A map of the internet

24 May 2026

This model of the western internet creates a distinction between 3 internets, depending on their functions. I call these the "attic", "warehouse", and "town square" internets, these names describe a function of each internet, but dont encapsulate the entire segment. I just like the names. This model can primarily be understood as 3 axes, or 3 2-way relationships(there is another way of understanding and using this model, which I will get to later).

1. attic/warehouse
The relationship between the attic and warehouse internet is the easiest to explain, because it can be very easily analogised. In essence, this relationship is online shopping. The transfer of products(a product being anything that is created) between a warehouse and a home. The relationship is strictly transactional, it is solely about the transfer of a good or service, think online purchases, broadcasting, streaming, etc.

2. attic/town square
The town square internet is what I think most people envision the internet to be. This is the nebulous concept of "cyberspace", mass communication at a scale never seen before, and to use an overextended term, a democratisation of those tools of communication. This is social media, and before that the blogspace, the technology that allowed the mimetic idea to become as ubiquotous as it has. It's relationship with the attic internet is harder to quantify, but I think the best illustration is that the DM is a sort of bridge between the two, it exists on the intersection of the dotted line and the solid one connecting these two in the diagram above.

3. town square/ warehouse
This is the "back end" of the internet, so it might be the hardest to visualise, I'm certainly having the hardest time trying to explain it. The best way I think I can describe is that it exists in the intersection of memes and industry, but that doesnt 100% capture it. It is kind of unknowable, even though there are people here, it is intentionally obscured, such being the nature of a back end. An argument could be made that this is where networking platforms like linkedIn and the gig economy(airbnb, uber, etc.) lives, I'm not entirely convinced by that, but maybe thats just my aversion to the blurring of the social and industrial, my not wanting this axis to exist but knowing it probably does.

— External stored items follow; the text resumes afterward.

Lemma cw_bound_gt_radius t : cw_radius P < t -> cw_bound P t.
Proof. by move=> /(inf_lt bounds_neq0) [t' bound lt_t']; apply: cw_boundW bound (ltW _). Qed.

Lemma le_cw_radius y s : nneg_row y -> y != 0 ->
  (forall j, s * y 0 j <= (y *m P) 0 j) -> s <= cw_radius P.
Proof.
move=> y_ge0 y_neq0 sub; apply: lb_le_inf bounds_neq0 _ => t [x [x_gt0 xP]].
exact/ltW/(subeig_lt_supereig P_ge0 x_gt0 y_ge0 y_neq0 sub xP).
Qed.

Lemma lt_cw_radius y s : pos_row y ->
  (forall j, s * y 0 j < (y *m P) 0 j) -> s < cw_radius P.
Proof.
move=> y_gt0 sub.
have [i Hi] := exists_argmin j0 (fun j => ((y *m P) 0 j - s * y 0 j) / y 0 j).
set e := ((y *m P) 0 i - s * y 0 i) / y 0 i.
have e_gt0 : 0 < e by rewrite divr_gt0 // subr_gt0.
suff : s + e <= cw_radius P by apply: lt_le_trans; rewrite ltrDl.
apply: (le_cw_radius (fun j => ltW (y_gt0 j)) (pos_row_neq0 y_gt0)) => j.
by have := Hi j; rewrite -/e ler_pdivlMr // mulrDl; lra.
Qed.

Lemma cw_radius_ge0 : 0 <= cw_radius P.
Proof. by apply: lb_le_inf bounds_neq0 _ => t /(cw_bound_gt0 P_ge0) /ltW. Qed.

Lemma cw_radius_le_supereig w s : pos_row w ->
  (forall j, (w *m P) 0 j <= s * w 0 j) -> cw_radius P <= s.
Proof.
move=> w_gt0 super; rewrite leNgt; apply/negP => lt_s.
apply: cw_radius_not_bound; exists w; split => // j.
by apply: le_lt_trans (super j) _; rewrite ltr_pM2r.
Qed.

(* With m bounding -y entrywise and t = T + 1/(2m) a bound, the resolvent identity
   y = y_t + (t - T) y N_t gives y >= y_t - y_t / 2 >= 0, where N_t, y_t >= 0. *)
Lemma cw_radius_row_inv_ge0 : (cw_radius P)%:M - P \in unitmx ->
  nneg_row (const_mx 1 *m invmx ((cw_radius P)%:M - P)).
Proof.
set T := cw_radius P; set o : 'rV[R]_n := const_mx 1 => T_unit.
set y := o *m _; set m := 1 + \sum_k `|y 0 k|.
have yT : y *m (T%:M - P) = o by rewrite /y -mulmxA mulVmx // mulmx1.
have m_gt0 : 0 < m by rewrite /m ltr_pwDl // sumr_ge0.
have y_ge k : - m <= y 0 k.
  have : `|y 0 k| <= \sum_k `|y 0 k| by rewrite (bigD1 k) //= lerDl sumr_ge0.
  by have := ler_norm (- y 0 k); rewrite normrN /m; lra.
set t := T + (2 * m)^-1.
have t_bound : cw_bound P t by apply: cw_bound_gt_radius; rewrite ltrDl invr_gt0 mulr_gt0.
set N := invmx (t%:M - P); set yt := o *m N.
have N_ge0 : nonneg_mx N by apply: cw_bound_inv_nneg.
have yt_ge0 : nneg_row yt by apply: cw_bound_row_inv_ge0 => // j; rewrite mxE.
have y_res : y = yt + (2 * m)^-1 *: (y *m N).
  have tT : t%:M - P = (T%:M - P) + ((2 * m)^-1)%:M.
    by apply/matrixP => a b; rewrite !mxE /t; case: (a == b) => /=; ring.
  have := congr1 (mulmx^~ N) (congr1 (mulmx y) tT).
  rewrite /= -mulmxA mulmxV ?mulmx1; last exact: cw_bound_unitmx.
  by rewrite mulmxDr yT mul_mx_scalar mulmxDl -scalemxAl.
move=> i; have yNi : - m * yt 0 i <= (y *m N) 0 i.
  rewrite /yt !mxE mulr_sumr; apply: ler_sum => l _.
  by rewrite /o mxE mul1r ler_wpM2r.
have -> : y 0 i = yt 0 i + (2 * m)^-1 * (y *m N) 0 i.
  by rewrite {1}y_res; set u := y *m N; rewrite !mxE.
have : (2 * m)^-1 * (- m * yt 0 i) <= (2 * m)^-1 * (y *m N) 0 i.
  by rewrite ler_wpM2l // invr_ge0 mulr_ge0 // ltW.
have -> : (2 * m)^-1 * (- m * yt 0 i) = - (yt 0 i / 2) by field; rewrite gt_eqF.
by have := yt_ge0 i; lra.
Qed.

Lemma det_cw_radius : \det ((cw_radius P)%:M - P) = 0.
Proof.
apply/eqP; apply: contraT; set T := cw_radius P => det_neq0.
have T_unit : T%:M - P \in unitmx by rewrite unitmxE unitfE.
set o : 'rV[R]_n := const_mx 1; set y := o *m invmx (T%:M - P).
have y_ge0 : nneg_row y := cw_radius_row_inv_ge0 T_unit.
have yT j : T * y 0 j = 1 + (y *m P) 0 j.
  have := congr1 (fun w : 'rV[R]_n => w 0 j) (mulmxKV T_unit o).
  by rewrite -/y mulmxBr mul_mx_scalar !mxE => <-; ring.
case: cw_radius_not_bound; exists y; split=> j; last by rewrite yT; lra.
have yPj := row_mulmx_ge0 j P_ge0 y_ge0.
rewrite lt_neqAle y_ge0 andbT; apply/eqP => yj0.
by have := yT j; rewrite -yj0 mulr0; lra.
Qed.

Lemma cw_radius_eigen : exists2 v : 'rV[R]_n, v != 0 & v *m P = cw_radius P *: v.
Proof.
have /eqP/det0P [v v_neq0 v0] := det_cw_radius.
by exists v => //; apply/eqP; rewrite eq_sym -subr_eq0 -mul_mx_scalar -mulmxBr v0.
Qed.

Lemma spec_rad_cw_radius : spec_rad P = cw_radius P.
Proof.
set T := cw_radius P.
set S := [set r : R | exists z : R[i], eigenvalue (cmx P) z /\ r = cmod z].
have S_le r : S r -> r <= T.
  move=> [z [/eigenvalueP [v vP v_neq0] ->]].
  apply: (le_cw_radius (cmod_row_nneg v)); first by rewrite cmod_row_eq0.
  exact: cmod_row_subeig.
have S_T : S T.
  exists T%:C%C; split; last by rewrite cmod_real // cw_radius_ge0.
  have [v v_neq0 vP] := cw_radius_eigen.
  apply/eigenvalueP; exists (map_mx (real_complex R) v).
    apply/rowP => j; rewrite !mxE.
    under eq_bigr do rewrite !mxE -rmorphM.
    rewrite -rmorph_sum -rmorphM; congr (_%:C)%C.
    by have := congr1 (fun w : 'rV[R]_n => w 0 j) vP; rewrite !mxE.
  apply: contra v_neq0 => /eqP/rowP v0; apply/eqP/rowP => j.
  by apply: (@complexI R); have := v0 j; rewrite !mxE => ->.
apply/le_anti/andP; split.
  by apply: ge_sup; [exists T | move=> r /S_le].
by apply: ub_le_sup => //; exists T => r /S_le.
Qed.

End Radius.
End CollatzWielandt.

Section Irreducible.
Variables (R : realType) (n : nat).
Hypothesis n_gt0 : (0 < n)%N.
Variable P : 'M[R]_n.
Hypotheses (P_ge0 : nonneg_mx P) (P_irr : irreducible_mx P).

Let j0 : 'I_n := Ordinal n_gt0.
Let path_len (i j : 'I_n) : nat := xchoose (P_irr i j).
Let E : 'M[R]_n := \sum_(k < (\max_(ij : 'I_n * 'I_n) path_len ij.1 ij.2).+1) P ^+ k.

Note on a nationalised internet
This map initially came from me trying to imagine what a socialist internet could look like, and that speculative aspect has informed it. While I think this functions as a model for the current internet(which is why I'm presenting it as such), it originated from a different intention. This is also why I don't want to seperate this into "capitalism/social", it may feel like an obvious way to seperate what I call "warehouse/town square" internet, but in reality there are virtually no social internets(I say this, government websites are probably a warehouse internet, but I think they probably have such little impact on the internet at large that I'm not countig them). The current state of the internet could be described as a very Victorian network of private infrastructure, with no state or democratically run alternatives.
Also note that this is a western model, I understand that the chinese internet is a different beast entirely, and should probably be understood through a different framework, which I am not equipped to make.

My confidence in this map was solidified when I started placing companies in it, the three major players comfortably finding a niche. These companies all try, with varying successes to expand their enterprise but ultimately they comfortably fit in this sort of symbiotic triangle. I think this represents, not necessarily *the* natural state of the internet(see: China), but a natural set of functions for it. The relative lack of competition in these spaces implies to me some form of equilibrium in this state.

This is not quite the same model, but it is a model with the same shape. This chart can be used to measure your relationship with the network of sites, platforms, and digital spaces that is the internet. Because this adapts the model to 2 axes, it should resemble a compass, but I think it would still retain the shape, given there are way more internet pages you visit once, than pages that you would visited 100s of time.

caveat: to cover the holes in my model, I'm putting everything I don't care about here.This way you can't complain at me for leaving out your favourite internet- eh- thing.